1. Observation `n` will be zero with probability `theta[n]`: `zero=bernoulli_rng(theta[n]);`
2. If observation n is not zero, then it will draw a value from the Poisson: `y_sim[n]=(1-zero)*poisson_log_rng(lambda_log[n])`

I don’t want to comment another post. From my understanding the answer in stackexchange is correct.
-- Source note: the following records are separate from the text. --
(* Level by level, the 2^l values on level l of the tree are independent, each
   distributed as a sum of 2^(h-l) independent omega_0-variables.  The pairs of
   children are drawn independently from the splitting kernel, so by
   independence of the parents the probability of a box factors into integrals
   of the kernel against the law of a parent; such an integral is the
   probability that the two halves of a sum of independent omega_0-variables
   fall into the two sides of the box, which factors again.  On the leaves this
   says that the leaf values are i.i.d. omega_0, like the coordinates of omega,
   and both (alpha^x)_x and (<omega, pi_1(x)>)_x are the partial sums of these
   vectors.  Joint laws of random vectors are compared on rectangles, which
   generate the product sigma-algebra. *)

Lemma measurable_preimage_setT {d d'} {T : measurableType d} {U : measurableType d'}
    (f : T -> U) A :
  measurable_fun setT f -> measurable A -> measurable (f @^-1` A).
Proof. by move=> mf mA; rewrite -[X in measurable X]setTI; exact: mf. Qed.

Section tuple_rectangles.
Context {R : realType}.
Local Open Scope ereal_scope.

Definition rect {n} (B : 'I_n -> set R) : set (n.-tuple R) :=
  [set t | forall i, B i (tnth t i)].

Definition rects n : set (set (n.-tuple R)) :=
  [set A | exists2 B : 'I_n -> set R, (forall i, measurable (B i)) & A = rect B].

Lemma measurable_rect n (B : 'I_n -> set R) :
  (forall i, measurable (B i)) -> measurable (rect B).
Proof.
move=> mB; have -> : rect B = \bigcap_(i in [set: 'I_n]) ((@tnth n R)^~ i @^-1` B i).
  by apply/seteqP; split => [t Bt i _|t Bt i]; exact: Bt.
apply: fin_bigcap_measurable => [|i _]; first exact: finite_finset.
by apply: measurable_preimage_setT => //; exact: measurable_tnth.
Qed.

Lemma rect_setT n : rect (fun _ : 'I_n => [set: R]) = [set: n.-tuple R].
Proof. by apply/seteqP; split. Qed.
Section ConnectedPrograms.
Context {Sg : Sig} (P : program Sg).
Hypotheses (Hwf : Forall wf_rule P) (Hc : connected P)
  (Hnr : no_rigid_atoms P) (Hnt : no_time_points P).

Lemma rule_atom_time r a : In r P -> In a (atoms_of_rule r) ->
  exists s t, atime a = Some s /\ tvars_of_atom a = [t] /\ forall tv, eval_t tv s = tv t + delta s.
Proof.
  intros Hr Ha. apply atom_time.
  - rewrite Forall_forall in Hwf. destruct (Hwf r Hr) as [Hh [Hb _]].
    destruct Ha as [<-|Ha]; auto. rewrite Forall_forall in Hb; auto.
  - eapply Hnr; eauto.
  - intros z. eapply Hnt; eauto.
Qed.

Lemma rule_time_step r b tv : In r P -> In b (body r) ->
  exists zh zb, option_map (eval_t tv) (atime (head r)) = Some zh /\
    option_map (eval_t tv) (atime b) = Some zb /\ Z.abs (zh - zb) <= max_rule_rad P.
Proof.
  intros Hr Hb.
  destruct (rule_atom_time r (head r) Hr (or_introl eq_refl)) as [sh [th [Eh [Th Vh]]]].
  destruct (rule_atom_time r b Hr (or_intror Hb)) as [sb [tb [Eb [Tb Vb]]]].
  assert (th = tb).
  { apply (proj1 (Hc r Hr)); unfold tvars_of_rule; apply in_or_app.
    - left. rewrite Th. now left.
    - right. apply in_flat_map. exists b. split; auto. rewrite Tb. now left. }
  subst tb. rewrite Eh, Eb. exists (eval_t tv sh), (eval_t tv sb). repeat split.
  assert (Z.abs (delta sh - delta sb) <= rule_rad r).
  { unfold rule_rad. rewrite Eh. apply fold_max_ge, in_map_iff. exists b. rewrite Eb. auto. }
  assert (rule_rad r <= max_rule_rad P) by apply fold_max_ge, in_map, Hr.
  rewrite Vh, Vb. lia.
Qed.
To simulate the distribution, you can either do it manually with

``````ifelse(rbinom(n, size = 1, prob = p) > 0, 0, rpois(n, lambda = lambda))
``````

Two choices to get ‘0’.

``````if(bernoulli_rng(theta[n]) == 1) {
y_sim[n] = 0;
} else {
y_sim[n] = poisson_log_rng(lambda_log[n]);
}``````

``````if(bernoulli_rng(theta[n]) == 1) {
y_sim[n] = 0;
} else {
y_sim[n] = poisson_log_rng(lambda_log[n]);
}
``````

is equivalent to the code I wrote:

``````zero=bernoulli_rng(theta[n]);
y_sim[n]=(1-zero)*poisson_log_rng(lambda_log[n])
``````

if `zero==1` then `y_sim[n]=0` else `y_sim[n]=poisson_log_rng(lambda_log[n])`

Am I missing something??

1 Like

My bad, it’s all fine then.

@andre.pfeuffer thanks a lot for all the help!